● **Stored data**
== Segment start ==

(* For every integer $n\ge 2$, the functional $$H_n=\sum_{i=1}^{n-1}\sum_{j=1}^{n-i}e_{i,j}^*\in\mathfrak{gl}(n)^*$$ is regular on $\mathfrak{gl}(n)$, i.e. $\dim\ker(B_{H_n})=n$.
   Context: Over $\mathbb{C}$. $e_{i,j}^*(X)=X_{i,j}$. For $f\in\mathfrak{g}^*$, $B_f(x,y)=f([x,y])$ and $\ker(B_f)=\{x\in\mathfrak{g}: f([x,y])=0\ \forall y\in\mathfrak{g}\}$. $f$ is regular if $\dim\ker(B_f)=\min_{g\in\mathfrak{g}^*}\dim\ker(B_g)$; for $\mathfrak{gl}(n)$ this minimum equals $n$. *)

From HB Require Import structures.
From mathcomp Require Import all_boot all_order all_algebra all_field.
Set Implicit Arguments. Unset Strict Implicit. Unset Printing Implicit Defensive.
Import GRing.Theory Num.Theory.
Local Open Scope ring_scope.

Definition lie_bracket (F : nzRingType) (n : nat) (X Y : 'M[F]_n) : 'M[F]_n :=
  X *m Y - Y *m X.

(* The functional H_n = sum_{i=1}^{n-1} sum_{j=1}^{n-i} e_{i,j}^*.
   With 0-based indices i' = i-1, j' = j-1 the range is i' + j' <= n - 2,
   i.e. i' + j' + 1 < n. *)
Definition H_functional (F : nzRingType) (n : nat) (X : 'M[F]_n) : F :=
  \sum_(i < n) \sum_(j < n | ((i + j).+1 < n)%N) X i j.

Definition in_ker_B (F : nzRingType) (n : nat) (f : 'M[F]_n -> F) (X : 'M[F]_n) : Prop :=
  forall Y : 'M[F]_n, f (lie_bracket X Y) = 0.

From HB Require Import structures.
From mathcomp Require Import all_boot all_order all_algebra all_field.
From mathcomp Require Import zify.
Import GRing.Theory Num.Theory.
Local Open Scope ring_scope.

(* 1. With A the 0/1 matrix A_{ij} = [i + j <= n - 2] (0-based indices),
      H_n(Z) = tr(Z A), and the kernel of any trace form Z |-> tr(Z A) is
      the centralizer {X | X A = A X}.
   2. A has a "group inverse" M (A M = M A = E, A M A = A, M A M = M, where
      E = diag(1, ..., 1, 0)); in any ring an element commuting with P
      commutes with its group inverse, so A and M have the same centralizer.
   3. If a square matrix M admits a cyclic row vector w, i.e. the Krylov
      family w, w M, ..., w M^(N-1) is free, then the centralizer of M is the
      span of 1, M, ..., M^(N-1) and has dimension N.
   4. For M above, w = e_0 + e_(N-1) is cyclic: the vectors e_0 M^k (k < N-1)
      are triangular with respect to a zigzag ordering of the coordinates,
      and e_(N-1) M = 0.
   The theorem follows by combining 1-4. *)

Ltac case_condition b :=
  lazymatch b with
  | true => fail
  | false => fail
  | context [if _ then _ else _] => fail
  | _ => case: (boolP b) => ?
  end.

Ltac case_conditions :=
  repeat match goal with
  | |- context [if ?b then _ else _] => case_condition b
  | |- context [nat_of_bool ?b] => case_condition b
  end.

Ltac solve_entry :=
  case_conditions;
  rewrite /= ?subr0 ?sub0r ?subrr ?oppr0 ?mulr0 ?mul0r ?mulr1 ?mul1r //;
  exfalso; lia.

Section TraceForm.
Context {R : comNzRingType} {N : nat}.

== Segment end ==

● **YOUR OBJECTIVE**
Return only the part of the records above that opens with the line containing "With 0-based indices" and closes with the line containing "forall Y : 'M[F]_n, f", ends included.

● **COMPLETED EXERCISE**
   With 0-based indices i' = i-1, j' = j-1 the range is i' + j' <= n - 2,
   i.e. i' + j' + 1 < n. *)
Definition H_functional (F : nzRingType) (n : nat) (X : 'M[F]_n) : F :=
  \sum_(i < n) \sum_(j < n | ((i + j).+1 < n)%N) X i j.

Definition in_ker_B (F : nzRingType) (n : nat) (f : 'M[F]_n -> F) (X : 'M[F]_n) : Prop :=
  forall Y : 'M[F]_n, f (lie_bracket X Y) = 0.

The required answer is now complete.